Elle s’enfonça et coulissa sur le côté. Il s’engouffra sans réfléchir, elle se referma immédiatement sur lui. Un enfant passa sans remarquer la rainure.

Dans l’épaisseur du tunnel, une coulisse étroite circulait, encombrée de câbles et de tuyaux sur sa partie intérieure. Un petit haut-parleur grésilla un chiffre : « 129 ». Les yeux de Jukin s’habituaient à la relative obscurité. Il avait l’impression d’être dans un sous-marin. « 130 ». Devant lui, les fils se perdaient dans le noir. Derrière lui, une légère lueur bleue semblait clignoter au loin. Il rebroussa donc chemin. « 131 ». Avec précaution il évitait de s’emmêler dans les câbles qui traînaient un peu au sol à sa droite.
Il progressa assez vite pour atteindre les clignotements et se mit à 4 pattes. Il s’agissait d’une salle de contrôle où deux hommes en uniforme de la ville surveillaient des écrans à chiffres, des jauges et des moniteurs vidéo. Jukin se glissa au plus près sans être repéré et les écouta :
« 134 »
_Aucune surchauffe dans le réacteur à infini, assura le grand maigre sous son casque de chantier.
_Bon, très bien, valida avec assurance le petit, vieux et gras en se levant. Surveille attentivement le niveau de pression dans le compresseur à particules. Il est temps que je rejoigne la réunion pour les dernières instructions.
Le plus jeune acquiesça et ouvrit la bouche pour s’exprimer sans que rien ne sorte.
« 135 ».
Son chef le regarda sévèrement avant de lâcher :
_Oui ?
« 136 ».
Le maigre luttait intérieurement. Il voulait savoir mais se demandait s’il pouvait se permettre de le faire. « 137 ». La voix impersonnelle et granuleuse du haut parleur le fit sursauter. La question sortit toute seule :
_Que deviennent ils ?
Le visage du gros chef se plissa pour former un sourire sardonique. Il avait parié avec lui-même combien de temps cette jeune recrue résisterait à la tentation. Il avait gagné plus rapidement qu’il n’espérait. A tel point que ce maigre collègue méritait, selon lui, sa place dans le tunnel avec les autres. Cependant, il ne put lui-même résister à la tentation de lui montrer qu’il faisait partie de ceux qui savent.
_Tant que le générateur sera alimenté, ils existeront. Quand on le coupera, la majeure partie s’écroulera, inerte. Le reste finira son existence de manière totalement végétative. Néanmoins il existe toujours la possibilité qu’un être en réchappe, ce qui constitue une exception et un maximum.

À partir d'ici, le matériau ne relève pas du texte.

Lemma PiT_below (d : nat) (P : I -> Dist R d) h phi : supported_below h ->
  PiT P h phi = \sum_(i <- basis_below) h i * P i phi.
Proof.
move=> h_below; apply: fsumT_below => i.
by rewrite mulf_eq0 negb_or => /andP[/h_below].
Qed.

Section Model.
Variables (d : nat) (Pib : 'rV[R]_d -> I -> Dist R d).
Variable g : 'rV[R]_d -> 'rV[R]_d -> J -> R.
Hypothesis Pib_reexpand :
  forall x y t, Pib x t = PiT (Pib y) (Gam copT (g y x) (dirac_coef R t)).

Lemma PiT_reexpand x y h phi : supported_below h ->
  PiT (Pib y) h phi = PiT (Pib x) (Gam copT (g x y) h) phi.
Proof.
move=> h_below; rewrite PiT_below // [RHS]PiT_below; last exact: Gam_below.
under eq_big_seq => i.
  rewrite in_basis_below => lt_i.
  rewrite (Pib_reexpand y x) PiT_below ?big_distrr; last exact/Gam_below/dirac_below.
  over.
rewrite exchange_big /=; apply: eq_bigr => s _.
by rewrite Gam_linear // big_distrl; apply: eq_bigr => i _; rewrite mulrA.
Qed.

Variables (v : 'rV[R]_d -> I -> R) (K K' : R).
Hypothesis v_below : forall x, supported_below (v x).
Hypothesis v_Dgamma : forall s, deg s < gamma -> forall x y, x != y ->
  `|v y s - Gam copT (g y x) (v x) s| <= K * enorm (y - x) `^ (gamma - deg s).
Hypothesis Pib_heat : forall s t x, deg s <= gamma -> 0 < t <= 1 ->
  `|pair_heat (Pib x s) t x| <= K' * t `^ (deg s / 2).

Lemma coherence_estimate x y t : 0 < t <= 1 ->
  `|pair_heat (PiT (Pib y) (v y)) t x - pair_heat (PiT (Pib x) (v x)) t x|
    <= `|K| * `|K'| * \sum_(s \in [set s : I | deg s < gamma])
         t `^ (deg s / 2) * (enorm (y - x) + Num.sqrt t) `^ (gamma - deg s).
Proof.
move=> t01; have [<-|xy] := eqVneq x y.
  rewrite subrr normr0 mulr_ge0 ?mulr_ge0 // fsumr_ge0 // => s _.
  by rewrite mulr_ge0 ?powR_ge0.
rewrite /pair_heat (PiT_reexpand x y) // !PiT_below //; last exact: Gam_below.
rewrite -sumrB (fsbig_finite _ _ basis_below_finite) big_distrr /=.
apply: le_trans (ler_norm_sum _ _ _) _.
rewrite big_seq [leRHS]big_seq; apply: ler_sum => s; rewrite in_basis_below => lt_s.
have coef_le : `|Gam copT (g x y) (v y) s - v x s|
    <= `|K| * (enorm (y - x) + Num.sqrt t) `^ (gamma - deg s).
  rewrite distrC; apply: le_trans (v_Dgamma lt_s (_ : y != x)) _; first by rewrite eq_sym.
  apply: le_trans (ler_wpM2r (powR_ge0 _ _) (ler_norm K)) _.
  apply: ler_wpM2l => //; apply: ge0_ler_powR.
  - by rewrite subr_ge0 ltW.
  - by rewrite nnegrE enorm_ge0.
  - by rewrite nnegrE addr_ge0 ?enorm_ge0 ?sqrtr_ge0.
  - by rewrite enorm_distC lerDl sqrtr_ge0.
have pair_le : `|Pib x s (heat t x)| <= `|K'| * t `^ (deg s / 2).
  exact: le_trans (Pib_heat x (ltW lt_s) t01) (ler_wpM2r (powR_ge0 _ _) (ler_norm K')).
rewrite -mulrBl normrM [t `^ _ * _]mulrC mulrACA.
exact: ler_pM coef_le pair_le.
Qed.

End Model.

End BelowGamma.

Theorem proposition7 (R : realType) (d : nat) (I J : choiceType)
  (deg : I -> R) (degp : J -> R)
  (mulc : J -> J -> J -> R) (unitp : J -> R) (counit : J -> R)
  (cop : J -> J -> J -> R) (antip : J -> J -> R) (copT : I -> I -> J -> R)
  (HS : is_concrete_reg_structure deg degp mulc unitp counit cop antip copT)
  (Pib : 'rV[R]_d -> I -> Dist R d) (g : 'rV[R]_d -> 'rV[R]_d -> J -> R)
  (HM : is_model deg degp mulc unitp cop copT Pib g)
  (gamma : R) (v : 'rV[R]_d -> I -> R)
  (Hv : in_Dgamma deg copT g gamma v) :
  let Lambda := fun x : 'rV[R]_d => PiT (Pib x) (v x) in
  exists C : R, forall (x y : 'rV[R]_d) (t : R), 0 < t <= 1 ->
    `|pair_heat (Lambda y) t x - pair_heat (Lambda x) t x|
      <= C * \sum_(s \in [set s : I | deg s < gamma])
               t `^ (deg s / 2) * (enorm (y - x) + Num.sqrt t) `^ (gamma - deg s).
Proof.
move=> Lambda.
case: HS => deg_finite [degp_ge0 [_ [_ [_ [_ [_ [_ [_ [_ [_ [_ [_ [_ [_ [_ [_ [_ [_
  [copT_finite [deg_copT _]]]]]]]]]]]]]]]]]]]].
case: HM => _ [_ [Pib_reexpand [_ Pib_heat]]].
case: Hv => v_below [K v_Dgamma].
have [K' Pib_heat_le] := Pib_heat gamma.
exists (`|K| * `|K'|) => x y t t01.
exact: (coherence_estimate deg_finite degp_ge0 copT_finite deg_copT Pib_reexpand
          v_below (fun s lt_s => (v_Dgamma s lt_s).2) Pib_heat_le).
Qed.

Le maigre en eut le sang glacé. Il savait que sans cette affectation de contrôleur, sa curiosité maladive l’aurait conduit tout droit vers l’infini tunnel. Il retourna à ses écrans, le regard vide, après que son chef ne quitta la petite pièce toujours clignotante de bleu.

Jukin était toujours en apnée, de peur d’être repéré. En quittant le tunnel à infini, il était entré malgré lui de plein fouet dans la catégorie ‘fugitif’. Après ‘sourd’ et immédiatement ‘muet’, il estimait que c’était le changement de catégorie de trop pour une seule et même journée. Cependant ‘Le fugitif sourd muet’ constituait un titre de roman policier intéressant pensa-t-il. Ou mieux, ‘Le signeur fugitif’. Il stoppa là ses digressions mal venues quand il découvrit le regard apeuré du jeune contrôleur posé sur lui. Ce dernier comprit qu’il se retrouvait dans la situation redoutée où il devait intervenir. Qu’il était justement là pour cela, ce qui le paralysait.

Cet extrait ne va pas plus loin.